I have a number of questions about Intel PT (have been trying to decode the manual but is very difficult). My questions are:
This is the patch that enable the use of Intel PT in 4.3:
https://lkml.org/lkml/2013/12/11/233
https://lkml.org/lkml/2015/9/24/181
https://lkml.org/lkml/2015/9/27/45
This is on the interaction of PT with other Intel features like LBT:
https://lkml.org/lkml/2014/7/31/572
Read up the documentation at tools/perf/Documentation/intel-pt.txt on usage how to.

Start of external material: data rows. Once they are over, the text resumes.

(* There exist context-free languages $L_1$ and $L_2$ such that $L_1 \stackrel{\rm pgi}{\leftarrow} L_1$ and $L_2 \stackrel{\rm sgi}{\leftarrow} L_2$ are not context-free.
   Context: Prefix-guided insertion: $x \stackrel{\rm pgi}{\leftarrow} y = \{ x_1 y_1 y_2 x_2 \mid x = x_1 y_1 x_2,\ y = y_1 y_2,\ y_1 \neq \varepsilon \}$. Suffix-guided insertion: $x \stackrel{\rm sgi}{\leftarrow} y = \{ x_1 y_1 y_2 x_2 \mid x = x_1 y_2 x_2,\ y = y_1 y_2,\ y_2 \neq \varepsilon \}$. Both are extended to languages by union over all pairs of strings. *)

From mathcomp Require Import all_boot.
Set Implicit Arguments. Unset Strict Implicit. Unset Printing Implicit Defensive.

Definition lang (Sigma : Type) := seq Sigma -> Prop.

Record cfg (Sigma : finType) (N : finType) := CFG {
  cfg_start : N;
  cfg_rules : seq (N * seq (N + Sigma))
}.

Inductive cfg_step (Sigma : finType) (N : finType) (G : cfg Sigma N) :
    seq (N + Sigma) -> seq (N + Sigma) -> Prop :=
| CfgStep (u v alpha : seq (N + Sigma)) (A : N) :
    (A, alpha) \in cfg_rules G ->
    cfg_step G (u ++ inl A :: v) (u ++ alpha ++ v).

Inductive cfg_derives (Sigma : finType) (N : finType) (G : cfg Sigma N) :
    seq (N + Sigma) -> seq (N + Sigma) -> Prop :=
| CfgRefl s : cfg_derives G s s
| CfgTrans s t r : cfg_step G s t -> cfg_derives G t r -> cfg_derives G s r.

Definition cfg_lang (Sigma : finType) (N : finType) (G : cfg Sigma N) : lang Sigma :=
  fun w => cfg_derives G [:: inl (cfg_start G)] (map inr w).

Definition context_free (Sigma : finType) (L : lang Sigma) : Prop :=
  exists (N : finType) (G : cfg Sigma N), forall w, L w <-> cfg_lang G w.

Definition pgi_word (Sigma : Type) (x y w : seq Sigma) : Prop :=
  exists x1 y1 x2 y2,
    [/\ x = x1 ++ y1 ++ x2, y = y1 ++ y2, y1 <> [::] & w = x1 ++ y1 ++ y2 ++ x2].

Definition sgi_word (Sigma : Type) (x y w : seq Sigma) : Prop :=
  exists x1 y1 x2 y2,
    [/\ x = x1 ++ y2 ++ x2, y = y1 ++ y2, y2 <> [::] & w = x1 ++ y1 ++ y2 ++ x2].

Definition pgi (Sigma : Type) (L1 L2 : lang Sigma) : lang Sigma :=
  fun w => exists x y, [/\ L1 x, L2 y & pgi_word x y w].

Definition sgi (Sigma : Type) (L1 L2 : lang Sigma) : lang Sigma :=
  fun w => exists x y, [/\ L1 x, L2 y & sgi_word x y w].

From HB Require Import structures.
From mathcomp Require Import all_boot zify.
Set Implicit Arguments. Unset Strict Implicit. Unset Printing Implicit Defensive.

(* Take L = {a^n # b^n $} u {# b^n $ c^n}, which is context-free.  Both
   pgi L L and sgi L L contain every a^n # b^n $ c^n, and these are their
   only words with one #, one $, some a and some c.  Pumping a^n # b^n $ c^n
   down keeps # and $ (every word of the insertion has them), so x and z
   avoid the markers; pumping up then gives some a^k # b^k $ c^k in which
   x x and z z occur, so x and z are constant since a^k # b^k $ c^k is
   sorted; yet x z must contain a, b and c.  Reversing words and swapping
   a <-> c, # <-> $ maps L onto itself and turns sgi into pgi, which gives
   the second claim. *)

(** * Parse trees *)

Section ParseTrees.
Variables (Sigma N : finType) (G : cfg Sigma N).

Inductive yield : N + Sigma -> seq Sigma -> Prop :=
| yield_leaf a : yield (inr a) [:: a]
| yield_node A alpha w :
    (A, alpha) \in cfg_rules G -> yields alpha w -> yield (inl A) w
with yields : seq (N + Sigma) -> seq Sigma -> Prop :=
| yields_nil : yields [::] [::]
| yields_cons x s w1 w2 : yield x w1 -> yields s w2 -> yields (x :: s) (w1 ++ w2).

Scheme yield_mut := Minimality for yield Sort Prop
  with yields_mut := Minimality for yields Sort Prop.

Lemma yield_inr a w : yield (inr a) w -> w = [:: a].
Proof. by move=> yw; inversion yw. Qed.

Lemma yield_inlP A w :
  yield (inl A) w -> exists2 alpha, (A, alpha) \in cfg_rules G & yields alpha w.
Proof. by move=> yw; inversion yw; exists alpha. Qed.

Lemma yields_nilP w : yields [::] w -> w = [::].
Proof. by move=> yw; inversion yw. Qed.

Lemma yields_consP x s w :
  yields (x :: s) w -> exists w1 w2, [/\ w = w1 ++ w2, yield x w1 & yields s w2].
Proof. by move=> yw; inversion yw; exists w1, w2. Qed.

Lemma yields_cat s1 s2 w1 w2 :
  yields s1 w1 -> yields s2 w2 -> yields (s1 ++ s2) (w1 ++ w2).
Proof.
elim=> [|x s u1 u2 yx _ IH] //= ys2.
by rewrite -catA; apply: yields_cons yx (IH ys2).
Qed.

Lemma yields_catP s1 s2 w :
  yields (s1 ++ s2) w -> exists w1 w2, [/\ w = w1 ++ w2, yields s1 w1 & yields s2 w2].
Proof.
elim: s1 w => [|x s1 IH] w /=; first by exists [::], w; split=> //; constructor.
case/yields_consP=> [u1 [u2 [-> yx /IH [v1 [v2 [-> ys1 ys2]]]]]].
by exists (u1 ++ v1), v2; split; [rewrite catA | constructor |].
Qed.

Lemma yields_terminals w : yields (map inr w) w.
Proof. by elim: w => [|a w IH]; [constructor | apply: (yields_cons (yield_leaf a) IH)]. Qed.

Lemma derives_trans s t r :
  cfg_derives G s t -> cfg_derives G t r -> cfg_derives G s r.
Proof. by elim=> // s0 t0 r0 st _ IH /IH; apply: CfgTrans. Qed.

Lemma derives_context u v s t :
  cfg_derives G s t -> cfg_derives G (u ++ s ++ v) (u ++ t ++ v).
Proof.
elim=> [s0|s0 t0 r0 [p q alpha A rule] _ IH]; first exact: CfgRefl.
apply: CfgTrans IH; have := CfgStep (u ++ p) (q ++ v) rule.
by rewrite -!catA.
Qed.

Lemma derives_cat s1 t1 s2 t2 : cfg_derives G s1 t1 -> cfg_derives G s2 t2 ->
  cfg_derives G (s1 ++ s2) (t1 ++ t2).
Proof.
move=> d1 d2; apply: (@derives_trans _ (t1 ++ s2)).
  by have := derives_context [::] s2 d1.
by have := derives_context t1 [::] d2; rewrite !cats0.
Qed.

Lemma yield_derives x w : yield x w -> cfg_derives G [:: x] (map inr w).
Proof.
move: x w; apply: (@yield_mut _ (fun s w => cfg_derives G s (map inr w))).
- by move=> a; apply: CfgRefl.
- move=> A alpha u rule _ IH; apply: CfgTrans IH.
  by have := CfgStep [::] [::] rule; rewrite cats0.
- exact: CfgRefl.
- by move=> y s w1 w2 _ IH1 _ IH2; rewrite map_cat; exact: (derives_cat IH1 IH2).
Qed.

Lemma derives_yields s w : cfg_derives G s (map inr w) -> yields s w.
Proof.
move Ew: (map inr w) => t d; elim: d w Ew => [s0|s0 t0 r0 [p q alpha A rule] _ IH] w Ew.
  by rewrite -Ew; apply: yields_terminals.
case/yields_catP: (IH w Ew) => [w1 [w23 [-> yp]]].
case/yields_catP=> [w2 [w3 [-> yalpha yq]]].
by apply: yields_cat yp (yields_cons (yield_node rule yalpha) yq).
Qed.

Lemma cfg_langE w : cfg_lang G w <-> yield (inl (cfg_start G)) w.
Proof.
split=> [/derives_yields/yields_consP [w1 [w2 [-> y1 /yields_nilP ->]]]|/yield_derives //].
by rewrite cats0.
Qed.

End ParseTrees.

Arguments yield_leaf {Sigma N G}.
Arguments yields_nil {Sigma N G}.

(** * The pumping lemma *)

Section Pumping.
Variables (Sigma N : finType) (G : cfg Sigma N).
Local Notation yield := (yield G).
Local Notation yields := (yields G).

Definition rhs_bound := (\max_(r <- cfg_rules G) size r.2).+1.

Andi Kleen from Intel is the originator of the patch for Skylakes/Broadwell (only these two processor and the Atom series support Intel PT), and he has the userspace tool for demonstrating its use for debugging:
https://github.com/andikleen/simple-pt
For more details please see:
https://tthtlc.wordpress.com/2016/01/26/intel-processor-trace-how-to-use-it/
Five years ago as of this writing, but it does come up in searches, and this is a 2020 update:
Answers:
1) It depends on your OS. Any x86-64 OS should be able to support it as long as it sees an Intel CPU of at least Broadwell or greater generation, where the user really wants Skylake or better since finer grained timing and address filtering features are added.
For Linux these days the answear is yes as native support was added to the OS.
For Microsoft Windows there is unofficial semi-documented support added to Windows 10 via the ipt.sys driver.
See: https://github.com/ionescu007/winipt
Also there are a few (mostly abandoned) Windows IPT driver projects on Github including a working one for "CheatEngine".
2) Download the "Intel 64 and IA-32 Architectures Software Developer’s Manual", start at section "CHAPTER 35 INTEL PROCESSOR TRACE" page 35-1. As the others state you setup and control the IPT feature through a series of 9 MSR registers starting with IA32_RTIT_CTL. Unlike the forerunner Last Branch Trace (LBT) feature they at least made the MSRs constant across all CPU that support the feature (albeit some generations support more features than others).
Lacks overall documentation, but the Intel manual does lay out how to control and read the IPT trace data, for which you can follow up to decode with the iptlib Intel reference decoder.
3) See my answer #2. Again the manual mostly tells you how to do these things, plus you can look at the few Github driver projects and see how they do it. You can set the feature up to use a circular buffer or to trigger an interrupt when it's internal physical memory buffer (that you setup) gets full et al.
I'm also currently figuring out how to use Intel PT. As far as I know:
IA32_RTIT_CTL, at address 570H, is the primary enable and control MSR for trace packet generation. Bit positions are listed in Table 36-5.
You can clear or set the IA32_RTIT_CTL MSR to disable or enable PT tracing. This can be done from within the system PT is providing a trace of. In fact, I don't think it can be done any other way.
Yes. A Paging Information Packet (PIP) is created when modifications to the CR3 register happen. Not sure about IDTR and others, though. Furthermore, the CR3 register can be used for trace filtering.
The whole idea behind Intel PT is packet encoding and decoding. When x event happens, y packet is generated. It's your job to "decode" this CPU provided data and make some high level sense out of it. Additionally, you can "encode" packets and feed them into the system doing the decoding. Again, decoder (and, optionally, encoder) functionality is your job. You can check out Intel's opensource decoder/encoder library reference implementation here. I'd recommend trying it out under Linux, with the latest stable kernel (4.1.3 as of this writing). It's worth noting that PT stores its data where you tell it to, generally a reserved memory region, or a debugging port.